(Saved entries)
**********

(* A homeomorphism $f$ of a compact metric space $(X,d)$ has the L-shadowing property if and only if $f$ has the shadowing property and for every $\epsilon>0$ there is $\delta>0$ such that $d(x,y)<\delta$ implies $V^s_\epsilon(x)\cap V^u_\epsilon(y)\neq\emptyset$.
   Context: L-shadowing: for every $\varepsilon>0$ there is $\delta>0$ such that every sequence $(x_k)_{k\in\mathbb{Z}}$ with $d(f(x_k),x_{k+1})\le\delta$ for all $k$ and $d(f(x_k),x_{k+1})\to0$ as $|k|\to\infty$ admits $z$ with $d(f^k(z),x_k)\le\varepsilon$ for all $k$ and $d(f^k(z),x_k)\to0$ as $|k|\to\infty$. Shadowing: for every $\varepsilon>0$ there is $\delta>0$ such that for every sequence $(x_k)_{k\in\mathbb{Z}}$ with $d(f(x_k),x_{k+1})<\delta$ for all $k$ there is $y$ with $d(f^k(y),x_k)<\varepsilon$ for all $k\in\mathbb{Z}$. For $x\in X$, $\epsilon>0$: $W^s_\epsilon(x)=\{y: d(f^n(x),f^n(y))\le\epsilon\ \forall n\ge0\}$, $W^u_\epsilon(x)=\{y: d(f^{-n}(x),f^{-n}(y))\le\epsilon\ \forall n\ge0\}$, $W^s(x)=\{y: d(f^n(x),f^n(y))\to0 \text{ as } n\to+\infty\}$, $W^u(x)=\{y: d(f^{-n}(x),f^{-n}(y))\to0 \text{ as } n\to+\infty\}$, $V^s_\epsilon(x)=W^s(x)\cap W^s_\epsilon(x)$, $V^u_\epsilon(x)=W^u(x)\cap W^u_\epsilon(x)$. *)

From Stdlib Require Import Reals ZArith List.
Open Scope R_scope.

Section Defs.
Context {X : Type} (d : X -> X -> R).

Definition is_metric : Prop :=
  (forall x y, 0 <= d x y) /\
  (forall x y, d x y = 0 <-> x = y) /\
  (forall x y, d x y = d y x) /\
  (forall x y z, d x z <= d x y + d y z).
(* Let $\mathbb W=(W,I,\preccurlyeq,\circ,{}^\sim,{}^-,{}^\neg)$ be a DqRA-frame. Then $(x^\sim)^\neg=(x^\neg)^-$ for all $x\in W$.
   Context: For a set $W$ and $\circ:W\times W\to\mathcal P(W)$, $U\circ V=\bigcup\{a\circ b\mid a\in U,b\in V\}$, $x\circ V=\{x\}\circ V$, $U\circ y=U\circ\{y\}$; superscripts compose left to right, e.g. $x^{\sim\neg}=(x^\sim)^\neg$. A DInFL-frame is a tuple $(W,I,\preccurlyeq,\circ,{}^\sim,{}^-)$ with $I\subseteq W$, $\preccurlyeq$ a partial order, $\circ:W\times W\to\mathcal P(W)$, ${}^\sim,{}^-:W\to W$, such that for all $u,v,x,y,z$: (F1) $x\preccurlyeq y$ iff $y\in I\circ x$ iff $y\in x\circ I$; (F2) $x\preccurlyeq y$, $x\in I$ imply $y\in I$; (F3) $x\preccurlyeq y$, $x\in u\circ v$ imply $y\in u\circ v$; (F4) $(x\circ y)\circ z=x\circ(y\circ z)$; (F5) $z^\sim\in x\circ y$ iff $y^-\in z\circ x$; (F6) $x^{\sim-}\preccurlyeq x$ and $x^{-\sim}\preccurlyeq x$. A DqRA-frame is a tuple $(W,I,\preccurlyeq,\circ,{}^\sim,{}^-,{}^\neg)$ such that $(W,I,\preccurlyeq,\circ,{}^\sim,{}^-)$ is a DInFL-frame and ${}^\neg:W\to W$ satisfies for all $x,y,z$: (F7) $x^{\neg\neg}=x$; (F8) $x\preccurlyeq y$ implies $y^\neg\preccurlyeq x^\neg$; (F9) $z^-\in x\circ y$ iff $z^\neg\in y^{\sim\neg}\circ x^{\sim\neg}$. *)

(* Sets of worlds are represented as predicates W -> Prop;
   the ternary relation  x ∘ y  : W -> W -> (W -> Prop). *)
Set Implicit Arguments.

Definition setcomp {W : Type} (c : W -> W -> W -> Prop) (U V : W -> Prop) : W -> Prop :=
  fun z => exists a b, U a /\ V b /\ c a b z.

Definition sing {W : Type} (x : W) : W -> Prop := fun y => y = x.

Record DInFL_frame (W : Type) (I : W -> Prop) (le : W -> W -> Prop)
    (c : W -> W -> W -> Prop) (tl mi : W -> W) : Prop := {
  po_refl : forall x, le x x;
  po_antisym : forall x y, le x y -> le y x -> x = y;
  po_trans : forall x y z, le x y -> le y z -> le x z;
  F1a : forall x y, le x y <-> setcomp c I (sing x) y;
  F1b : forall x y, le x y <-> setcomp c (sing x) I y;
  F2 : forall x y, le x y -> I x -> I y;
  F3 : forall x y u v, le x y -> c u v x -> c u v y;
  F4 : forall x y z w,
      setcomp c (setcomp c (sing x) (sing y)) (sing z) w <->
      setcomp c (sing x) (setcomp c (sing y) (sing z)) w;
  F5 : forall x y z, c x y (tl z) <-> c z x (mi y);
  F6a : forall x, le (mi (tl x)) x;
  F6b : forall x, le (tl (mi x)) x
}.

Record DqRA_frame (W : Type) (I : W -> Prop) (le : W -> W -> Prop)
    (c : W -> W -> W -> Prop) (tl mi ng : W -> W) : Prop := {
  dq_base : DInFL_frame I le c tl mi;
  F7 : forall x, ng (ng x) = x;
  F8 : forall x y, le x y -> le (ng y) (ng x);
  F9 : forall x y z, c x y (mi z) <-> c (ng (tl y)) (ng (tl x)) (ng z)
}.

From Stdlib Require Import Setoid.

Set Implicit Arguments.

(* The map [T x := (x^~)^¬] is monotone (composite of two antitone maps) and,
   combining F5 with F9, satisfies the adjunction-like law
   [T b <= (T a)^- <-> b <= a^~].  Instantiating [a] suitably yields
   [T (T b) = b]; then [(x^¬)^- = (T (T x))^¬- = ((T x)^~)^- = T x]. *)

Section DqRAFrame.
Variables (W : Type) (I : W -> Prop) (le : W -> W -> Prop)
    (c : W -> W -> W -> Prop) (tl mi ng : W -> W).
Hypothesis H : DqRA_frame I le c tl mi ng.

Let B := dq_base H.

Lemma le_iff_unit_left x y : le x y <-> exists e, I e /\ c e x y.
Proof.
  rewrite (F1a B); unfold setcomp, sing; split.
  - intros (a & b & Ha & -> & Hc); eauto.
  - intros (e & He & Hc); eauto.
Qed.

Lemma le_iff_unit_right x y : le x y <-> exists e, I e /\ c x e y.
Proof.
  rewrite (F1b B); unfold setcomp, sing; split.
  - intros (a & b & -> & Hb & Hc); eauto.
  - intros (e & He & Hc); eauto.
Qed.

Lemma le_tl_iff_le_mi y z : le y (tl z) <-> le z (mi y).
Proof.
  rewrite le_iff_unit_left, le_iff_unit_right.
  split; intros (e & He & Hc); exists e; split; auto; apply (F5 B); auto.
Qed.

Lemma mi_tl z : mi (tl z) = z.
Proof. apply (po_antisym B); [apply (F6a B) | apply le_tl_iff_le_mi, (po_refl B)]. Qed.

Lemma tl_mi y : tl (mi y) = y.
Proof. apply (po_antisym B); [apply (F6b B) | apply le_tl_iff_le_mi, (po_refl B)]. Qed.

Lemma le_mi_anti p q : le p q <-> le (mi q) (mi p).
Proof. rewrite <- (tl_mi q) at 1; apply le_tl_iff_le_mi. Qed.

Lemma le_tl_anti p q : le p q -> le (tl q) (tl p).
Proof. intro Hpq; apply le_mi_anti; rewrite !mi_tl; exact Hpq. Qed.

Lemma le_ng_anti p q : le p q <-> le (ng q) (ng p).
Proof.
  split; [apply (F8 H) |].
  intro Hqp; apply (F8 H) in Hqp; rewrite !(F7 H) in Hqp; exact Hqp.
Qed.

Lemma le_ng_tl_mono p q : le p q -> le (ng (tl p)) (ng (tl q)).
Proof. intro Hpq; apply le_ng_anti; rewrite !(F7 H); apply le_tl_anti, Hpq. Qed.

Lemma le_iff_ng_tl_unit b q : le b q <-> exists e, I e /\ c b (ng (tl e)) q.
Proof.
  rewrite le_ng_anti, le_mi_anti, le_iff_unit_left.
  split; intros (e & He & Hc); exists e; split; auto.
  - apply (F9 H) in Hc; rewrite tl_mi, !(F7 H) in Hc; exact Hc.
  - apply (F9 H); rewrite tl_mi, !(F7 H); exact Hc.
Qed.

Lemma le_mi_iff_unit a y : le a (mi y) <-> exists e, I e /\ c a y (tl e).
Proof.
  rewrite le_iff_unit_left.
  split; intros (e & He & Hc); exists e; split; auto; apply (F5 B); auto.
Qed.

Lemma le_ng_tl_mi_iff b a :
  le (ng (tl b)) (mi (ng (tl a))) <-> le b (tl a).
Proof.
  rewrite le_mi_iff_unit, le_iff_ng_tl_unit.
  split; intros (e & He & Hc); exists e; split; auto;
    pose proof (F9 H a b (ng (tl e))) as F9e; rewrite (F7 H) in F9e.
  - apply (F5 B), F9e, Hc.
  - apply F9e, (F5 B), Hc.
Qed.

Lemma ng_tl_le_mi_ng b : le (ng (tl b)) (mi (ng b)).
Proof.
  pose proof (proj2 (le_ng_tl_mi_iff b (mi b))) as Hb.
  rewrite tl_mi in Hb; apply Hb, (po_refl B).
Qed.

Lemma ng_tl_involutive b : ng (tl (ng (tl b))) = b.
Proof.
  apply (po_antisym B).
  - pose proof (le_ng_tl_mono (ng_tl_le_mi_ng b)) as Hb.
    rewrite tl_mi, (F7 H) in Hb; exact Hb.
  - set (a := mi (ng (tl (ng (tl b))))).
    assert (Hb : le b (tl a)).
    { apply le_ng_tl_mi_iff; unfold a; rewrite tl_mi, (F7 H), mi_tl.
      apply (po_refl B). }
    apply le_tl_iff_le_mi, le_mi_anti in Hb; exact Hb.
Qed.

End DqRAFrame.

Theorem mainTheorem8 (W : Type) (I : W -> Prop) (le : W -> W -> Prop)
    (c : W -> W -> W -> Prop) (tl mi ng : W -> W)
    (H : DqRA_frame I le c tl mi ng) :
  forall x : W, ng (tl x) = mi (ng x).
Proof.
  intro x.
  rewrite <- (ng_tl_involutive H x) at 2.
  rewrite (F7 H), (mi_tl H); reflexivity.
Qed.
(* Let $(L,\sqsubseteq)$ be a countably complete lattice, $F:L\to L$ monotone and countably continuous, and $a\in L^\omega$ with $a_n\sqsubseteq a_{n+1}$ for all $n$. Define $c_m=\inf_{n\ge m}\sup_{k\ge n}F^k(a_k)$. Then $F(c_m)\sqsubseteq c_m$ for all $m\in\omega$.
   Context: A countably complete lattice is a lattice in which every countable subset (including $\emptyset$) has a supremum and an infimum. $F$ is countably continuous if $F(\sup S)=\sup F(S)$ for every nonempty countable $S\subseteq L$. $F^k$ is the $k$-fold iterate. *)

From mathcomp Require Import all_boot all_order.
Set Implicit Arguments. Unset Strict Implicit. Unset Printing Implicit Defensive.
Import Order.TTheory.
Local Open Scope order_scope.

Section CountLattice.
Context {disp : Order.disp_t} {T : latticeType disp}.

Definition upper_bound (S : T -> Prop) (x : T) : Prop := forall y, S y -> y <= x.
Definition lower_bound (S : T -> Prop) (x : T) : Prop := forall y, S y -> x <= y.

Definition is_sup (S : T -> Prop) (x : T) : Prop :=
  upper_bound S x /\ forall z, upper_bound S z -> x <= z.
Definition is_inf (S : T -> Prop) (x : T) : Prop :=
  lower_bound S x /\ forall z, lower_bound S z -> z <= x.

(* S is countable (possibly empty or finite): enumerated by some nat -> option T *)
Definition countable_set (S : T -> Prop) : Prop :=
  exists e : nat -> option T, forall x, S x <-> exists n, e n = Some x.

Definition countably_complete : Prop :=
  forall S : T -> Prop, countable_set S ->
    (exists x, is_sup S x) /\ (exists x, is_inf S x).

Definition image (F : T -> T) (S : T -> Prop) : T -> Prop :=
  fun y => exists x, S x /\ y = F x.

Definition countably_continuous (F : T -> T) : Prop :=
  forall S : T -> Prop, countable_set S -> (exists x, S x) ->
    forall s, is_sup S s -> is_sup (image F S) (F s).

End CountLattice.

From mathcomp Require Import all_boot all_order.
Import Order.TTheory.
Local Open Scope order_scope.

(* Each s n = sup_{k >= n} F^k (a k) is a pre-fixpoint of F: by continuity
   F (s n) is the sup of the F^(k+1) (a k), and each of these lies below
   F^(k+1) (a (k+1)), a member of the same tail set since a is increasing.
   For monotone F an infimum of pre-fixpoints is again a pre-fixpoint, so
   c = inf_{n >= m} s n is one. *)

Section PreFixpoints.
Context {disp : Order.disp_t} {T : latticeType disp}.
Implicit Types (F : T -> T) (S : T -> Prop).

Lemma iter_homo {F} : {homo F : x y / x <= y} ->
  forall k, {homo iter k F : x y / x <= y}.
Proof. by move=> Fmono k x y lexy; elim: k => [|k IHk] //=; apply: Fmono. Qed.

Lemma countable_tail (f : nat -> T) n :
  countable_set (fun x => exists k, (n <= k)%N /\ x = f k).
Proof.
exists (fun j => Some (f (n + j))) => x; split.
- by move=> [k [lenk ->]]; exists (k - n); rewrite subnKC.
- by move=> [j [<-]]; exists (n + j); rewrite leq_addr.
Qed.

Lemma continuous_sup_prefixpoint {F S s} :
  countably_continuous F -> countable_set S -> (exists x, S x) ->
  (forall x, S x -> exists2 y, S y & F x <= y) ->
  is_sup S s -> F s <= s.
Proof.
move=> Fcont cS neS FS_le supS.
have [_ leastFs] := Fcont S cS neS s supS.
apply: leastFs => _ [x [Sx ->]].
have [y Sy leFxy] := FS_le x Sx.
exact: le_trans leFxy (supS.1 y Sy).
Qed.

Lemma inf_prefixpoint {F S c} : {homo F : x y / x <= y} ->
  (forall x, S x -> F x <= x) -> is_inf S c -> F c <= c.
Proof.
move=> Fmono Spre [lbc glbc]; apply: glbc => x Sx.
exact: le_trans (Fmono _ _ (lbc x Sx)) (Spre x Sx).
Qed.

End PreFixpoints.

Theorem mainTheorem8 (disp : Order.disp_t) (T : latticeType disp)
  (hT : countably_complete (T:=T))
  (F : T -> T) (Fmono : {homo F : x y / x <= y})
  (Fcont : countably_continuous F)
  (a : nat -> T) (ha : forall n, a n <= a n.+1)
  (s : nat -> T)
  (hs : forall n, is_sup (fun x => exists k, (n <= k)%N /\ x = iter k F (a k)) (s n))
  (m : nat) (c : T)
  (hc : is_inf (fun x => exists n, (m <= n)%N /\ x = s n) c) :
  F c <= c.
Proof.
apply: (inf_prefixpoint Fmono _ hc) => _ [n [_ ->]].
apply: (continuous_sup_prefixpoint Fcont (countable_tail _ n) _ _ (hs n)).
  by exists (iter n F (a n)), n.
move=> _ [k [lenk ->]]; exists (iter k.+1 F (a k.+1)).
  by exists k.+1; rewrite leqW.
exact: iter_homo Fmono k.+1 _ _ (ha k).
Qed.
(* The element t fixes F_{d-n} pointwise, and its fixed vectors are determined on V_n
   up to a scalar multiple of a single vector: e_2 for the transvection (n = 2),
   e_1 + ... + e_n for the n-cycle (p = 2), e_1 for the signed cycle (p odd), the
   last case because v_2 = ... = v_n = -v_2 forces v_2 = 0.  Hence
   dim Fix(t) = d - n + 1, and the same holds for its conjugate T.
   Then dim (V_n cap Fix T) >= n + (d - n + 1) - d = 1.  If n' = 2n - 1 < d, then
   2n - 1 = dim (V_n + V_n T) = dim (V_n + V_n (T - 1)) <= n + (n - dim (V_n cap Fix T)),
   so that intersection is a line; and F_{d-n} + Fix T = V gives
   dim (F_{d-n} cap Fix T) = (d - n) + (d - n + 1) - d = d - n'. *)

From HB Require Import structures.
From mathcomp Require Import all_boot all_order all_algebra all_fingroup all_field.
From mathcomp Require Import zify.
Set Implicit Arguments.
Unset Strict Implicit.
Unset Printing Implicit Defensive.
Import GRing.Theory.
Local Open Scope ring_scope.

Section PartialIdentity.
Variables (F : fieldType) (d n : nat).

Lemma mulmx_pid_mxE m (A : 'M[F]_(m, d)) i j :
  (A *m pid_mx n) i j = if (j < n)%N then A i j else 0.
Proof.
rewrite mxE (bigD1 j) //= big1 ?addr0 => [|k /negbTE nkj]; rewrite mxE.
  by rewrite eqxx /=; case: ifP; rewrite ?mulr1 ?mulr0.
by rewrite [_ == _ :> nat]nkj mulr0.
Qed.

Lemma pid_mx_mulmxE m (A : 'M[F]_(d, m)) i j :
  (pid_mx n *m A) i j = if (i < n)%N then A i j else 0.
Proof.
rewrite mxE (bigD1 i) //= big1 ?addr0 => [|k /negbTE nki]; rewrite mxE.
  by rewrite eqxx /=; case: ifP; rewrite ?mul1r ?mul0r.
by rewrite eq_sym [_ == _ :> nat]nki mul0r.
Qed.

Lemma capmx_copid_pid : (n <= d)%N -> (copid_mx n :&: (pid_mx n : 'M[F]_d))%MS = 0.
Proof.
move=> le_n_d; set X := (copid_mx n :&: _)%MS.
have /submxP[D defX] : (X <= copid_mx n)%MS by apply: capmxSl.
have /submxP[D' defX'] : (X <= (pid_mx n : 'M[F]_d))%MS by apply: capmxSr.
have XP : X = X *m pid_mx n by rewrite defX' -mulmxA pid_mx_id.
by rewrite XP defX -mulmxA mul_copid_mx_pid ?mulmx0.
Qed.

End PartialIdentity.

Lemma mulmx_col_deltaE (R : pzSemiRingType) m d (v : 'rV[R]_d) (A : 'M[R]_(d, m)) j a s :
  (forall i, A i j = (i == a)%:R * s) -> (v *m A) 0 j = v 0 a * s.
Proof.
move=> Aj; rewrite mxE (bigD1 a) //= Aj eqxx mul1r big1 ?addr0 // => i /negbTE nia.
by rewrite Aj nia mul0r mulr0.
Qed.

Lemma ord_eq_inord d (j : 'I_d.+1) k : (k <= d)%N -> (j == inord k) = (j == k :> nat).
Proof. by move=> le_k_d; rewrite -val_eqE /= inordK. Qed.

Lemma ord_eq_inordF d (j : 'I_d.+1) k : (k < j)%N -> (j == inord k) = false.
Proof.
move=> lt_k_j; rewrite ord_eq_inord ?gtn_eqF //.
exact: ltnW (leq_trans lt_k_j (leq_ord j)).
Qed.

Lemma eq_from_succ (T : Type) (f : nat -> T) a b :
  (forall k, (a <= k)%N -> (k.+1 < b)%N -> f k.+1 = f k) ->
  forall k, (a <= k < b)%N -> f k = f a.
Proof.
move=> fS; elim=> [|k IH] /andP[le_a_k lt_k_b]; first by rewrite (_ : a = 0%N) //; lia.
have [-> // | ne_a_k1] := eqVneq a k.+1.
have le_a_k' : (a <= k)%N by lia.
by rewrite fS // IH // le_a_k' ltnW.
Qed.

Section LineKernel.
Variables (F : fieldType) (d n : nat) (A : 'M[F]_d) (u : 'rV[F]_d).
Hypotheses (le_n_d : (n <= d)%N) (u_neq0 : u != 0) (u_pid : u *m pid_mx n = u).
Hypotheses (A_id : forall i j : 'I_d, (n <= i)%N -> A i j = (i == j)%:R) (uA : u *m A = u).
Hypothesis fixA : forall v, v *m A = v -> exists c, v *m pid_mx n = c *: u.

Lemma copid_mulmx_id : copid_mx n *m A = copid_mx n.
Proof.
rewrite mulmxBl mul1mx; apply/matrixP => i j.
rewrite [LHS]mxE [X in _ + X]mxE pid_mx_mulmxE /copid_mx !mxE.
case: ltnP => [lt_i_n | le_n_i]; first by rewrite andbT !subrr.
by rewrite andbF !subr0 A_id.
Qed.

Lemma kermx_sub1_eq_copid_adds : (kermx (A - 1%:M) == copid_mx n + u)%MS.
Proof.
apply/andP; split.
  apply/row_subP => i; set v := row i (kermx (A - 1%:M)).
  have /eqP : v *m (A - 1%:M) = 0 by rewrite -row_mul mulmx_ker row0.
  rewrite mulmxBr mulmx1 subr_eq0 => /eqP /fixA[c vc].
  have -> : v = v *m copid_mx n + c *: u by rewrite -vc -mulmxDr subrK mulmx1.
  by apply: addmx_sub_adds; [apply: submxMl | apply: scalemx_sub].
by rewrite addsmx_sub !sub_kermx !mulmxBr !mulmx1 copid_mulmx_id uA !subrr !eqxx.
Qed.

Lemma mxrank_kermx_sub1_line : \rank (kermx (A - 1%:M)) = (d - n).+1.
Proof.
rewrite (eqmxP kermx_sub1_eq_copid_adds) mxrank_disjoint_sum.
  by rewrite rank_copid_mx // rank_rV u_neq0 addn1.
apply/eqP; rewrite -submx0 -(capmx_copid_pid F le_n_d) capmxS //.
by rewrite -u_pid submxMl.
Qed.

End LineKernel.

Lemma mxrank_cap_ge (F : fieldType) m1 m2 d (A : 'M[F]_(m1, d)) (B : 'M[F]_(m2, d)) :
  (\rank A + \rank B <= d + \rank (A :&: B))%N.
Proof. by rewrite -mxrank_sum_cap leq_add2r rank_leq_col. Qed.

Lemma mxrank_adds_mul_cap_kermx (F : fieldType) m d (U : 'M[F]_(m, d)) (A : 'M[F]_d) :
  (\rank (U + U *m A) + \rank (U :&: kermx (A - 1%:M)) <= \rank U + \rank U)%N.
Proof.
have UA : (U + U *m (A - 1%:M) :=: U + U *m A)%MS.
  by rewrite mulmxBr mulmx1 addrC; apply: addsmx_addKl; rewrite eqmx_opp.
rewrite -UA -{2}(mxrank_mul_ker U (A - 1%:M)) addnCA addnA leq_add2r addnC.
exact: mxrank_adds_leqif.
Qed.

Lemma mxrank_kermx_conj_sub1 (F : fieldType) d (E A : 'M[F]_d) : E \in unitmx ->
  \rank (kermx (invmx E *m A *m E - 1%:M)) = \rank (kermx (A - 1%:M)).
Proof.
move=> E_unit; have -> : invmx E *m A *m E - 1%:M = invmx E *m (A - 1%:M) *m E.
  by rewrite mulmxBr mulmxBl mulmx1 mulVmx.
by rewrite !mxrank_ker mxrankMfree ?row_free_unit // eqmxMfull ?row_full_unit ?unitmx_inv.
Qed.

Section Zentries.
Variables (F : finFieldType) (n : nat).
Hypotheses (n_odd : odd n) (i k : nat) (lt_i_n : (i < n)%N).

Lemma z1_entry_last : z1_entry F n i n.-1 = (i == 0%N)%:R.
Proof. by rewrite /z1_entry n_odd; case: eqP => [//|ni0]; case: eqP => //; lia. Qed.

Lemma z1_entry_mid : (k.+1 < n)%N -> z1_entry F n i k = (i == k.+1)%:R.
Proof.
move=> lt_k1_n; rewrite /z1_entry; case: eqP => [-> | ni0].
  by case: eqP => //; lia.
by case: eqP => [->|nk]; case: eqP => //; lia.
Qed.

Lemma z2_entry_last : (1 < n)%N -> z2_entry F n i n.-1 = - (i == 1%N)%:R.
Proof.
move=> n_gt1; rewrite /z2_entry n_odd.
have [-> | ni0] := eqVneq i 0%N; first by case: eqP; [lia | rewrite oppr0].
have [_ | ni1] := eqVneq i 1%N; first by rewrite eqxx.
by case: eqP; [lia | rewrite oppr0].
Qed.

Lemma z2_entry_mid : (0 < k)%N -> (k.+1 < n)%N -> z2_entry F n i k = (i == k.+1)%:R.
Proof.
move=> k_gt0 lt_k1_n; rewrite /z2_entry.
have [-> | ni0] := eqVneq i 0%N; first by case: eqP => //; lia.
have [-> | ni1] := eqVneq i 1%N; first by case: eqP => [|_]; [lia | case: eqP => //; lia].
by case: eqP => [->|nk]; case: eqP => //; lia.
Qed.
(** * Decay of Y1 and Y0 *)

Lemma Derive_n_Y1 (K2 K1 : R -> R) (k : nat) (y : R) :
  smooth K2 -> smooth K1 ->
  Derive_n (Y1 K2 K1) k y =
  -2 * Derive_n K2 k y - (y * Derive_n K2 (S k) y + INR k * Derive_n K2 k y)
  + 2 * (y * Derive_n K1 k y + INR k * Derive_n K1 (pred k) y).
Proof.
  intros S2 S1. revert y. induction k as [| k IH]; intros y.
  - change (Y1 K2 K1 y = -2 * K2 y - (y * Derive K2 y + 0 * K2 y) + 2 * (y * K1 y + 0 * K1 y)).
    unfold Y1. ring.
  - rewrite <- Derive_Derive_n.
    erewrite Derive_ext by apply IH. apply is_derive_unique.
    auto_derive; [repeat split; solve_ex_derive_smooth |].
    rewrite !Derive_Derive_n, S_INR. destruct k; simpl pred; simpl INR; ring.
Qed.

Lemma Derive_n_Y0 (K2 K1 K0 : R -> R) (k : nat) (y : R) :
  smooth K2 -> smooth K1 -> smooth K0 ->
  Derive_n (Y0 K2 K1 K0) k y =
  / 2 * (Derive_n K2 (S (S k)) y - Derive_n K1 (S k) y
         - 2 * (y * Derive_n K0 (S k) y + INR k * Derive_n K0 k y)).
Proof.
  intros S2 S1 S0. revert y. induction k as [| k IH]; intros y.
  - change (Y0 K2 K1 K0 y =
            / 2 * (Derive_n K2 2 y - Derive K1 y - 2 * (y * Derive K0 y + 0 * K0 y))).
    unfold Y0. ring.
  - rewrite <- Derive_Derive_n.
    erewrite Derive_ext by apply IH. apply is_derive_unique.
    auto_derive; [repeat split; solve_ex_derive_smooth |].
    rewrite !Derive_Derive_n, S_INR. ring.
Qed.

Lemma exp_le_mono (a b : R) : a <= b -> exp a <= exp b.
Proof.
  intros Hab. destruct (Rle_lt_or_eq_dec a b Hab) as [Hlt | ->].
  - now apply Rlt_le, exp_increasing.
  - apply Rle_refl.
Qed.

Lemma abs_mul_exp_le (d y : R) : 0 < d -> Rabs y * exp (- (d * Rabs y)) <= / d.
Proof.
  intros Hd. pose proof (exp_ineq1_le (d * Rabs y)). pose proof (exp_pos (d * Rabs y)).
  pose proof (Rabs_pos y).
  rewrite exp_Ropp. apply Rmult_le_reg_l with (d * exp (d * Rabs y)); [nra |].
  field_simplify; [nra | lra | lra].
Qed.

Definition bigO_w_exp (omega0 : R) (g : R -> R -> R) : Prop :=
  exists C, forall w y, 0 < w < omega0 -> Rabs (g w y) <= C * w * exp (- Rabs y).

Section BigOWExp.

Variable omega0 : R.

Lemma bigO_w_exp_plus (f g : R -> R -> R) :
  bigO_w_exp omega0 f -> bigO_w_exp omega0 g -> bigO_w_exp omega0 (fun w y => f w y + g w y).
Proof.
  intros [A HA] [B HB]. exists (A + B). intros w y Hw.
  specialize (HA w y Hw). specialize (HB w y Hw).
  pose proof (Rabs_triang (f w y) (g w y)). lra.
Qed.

**********

▶ **Problem to work on**: Set down the lines of the records exactly, from the first one through the line containing "(* Let $\mathbb", and add nothing else.

▶ **Response to this task**:
(* A homeomorphism $f$ of a compact metric space $(X,d)$ has the L-shadowing property if and only if $f$ has the shadowing property and for every $\epsilon>0$ there is $\delta>0$ such that $d(x,y)<\delta$ implies $V^s_\epsilon(x)\cap V^u_\epsilon(y)\neq\emptyset$.
   Context: L-shadowing: for every $\varepsilon>0$ there is $\delta>0$ such that every sequence $(x_k)_{k\in\mathbb{Z}}$ with $d(f(x_k),x_{k+1})\le\delta$ for all $k$ and $d(f(x_k),x_{k+1})\to0$ as $|k|\to\infty$ admits $z$ with $d(f^k(z),x_k)\le\varepsilon$ for all $k$ and $d(f^k(z),x_k)\to0$ as $|k|\to\infty$. Shadowing: for every $\varepsilon>0$ there is $\delta>0$ such that for every sequence $(x_k)_{k\in\mathbb{Z}}$ with $d(f(x_k),x_{k+1})<\delta$ for all $k$ there is $y$ with $d(f^k(y),x_k)<\varepsilon$ for all $k\in\mathbb{Z}$. For $x\in X$, $\epsilon>0$: $W^s_\epsilon(x)=\{y: d(f^n(x),f^n(y))\le\epsilon\ \forall n\ge0\}$, $W^u_\epsilon(x)=\{y: d(f^{-n}(x),f^{-n}(y))\le\epsilon\ \forall n\ge0\}$, $W^s(x)=\{y: d(f^n(x),f^n(y))\to0 \text{ as } n\to+\infty\}$, $W^u(x)=\{y: d(f^{-n}(x),f^{-n}(y))\to0 \text{ as } n\to+\infty\}$, $V^s_\epsilon(x)=W^s(x)\cap W^s_\epsilon(x)$, $V^u_\epsilon(x)=W^u(x)\cap W^u_\epsilon(x)$. *)

From Stdlib Require Import Reals ZArith List.
Open Scope R_scope.

Section Defs.
Context {X : Type} (d : X -> X -> R).

Definition is_metric : Prop :=
  (forall x y, 0 <= d x y) /\
  (forall x y, d x y = 0 <-> x = y) /\
  (forall x y, d x y = d y x) /\
  (forall x y z, d x z <= d x y + d y z).
(* Let $\mathbb W=(W,I,\preccurlyeq,\circ,{}^\sim,{}^-,{}^\neg)$ be a DqRA-frame. Then $(x^\sim)^\neg=(x^\neg)^-$ for all $x\in W$.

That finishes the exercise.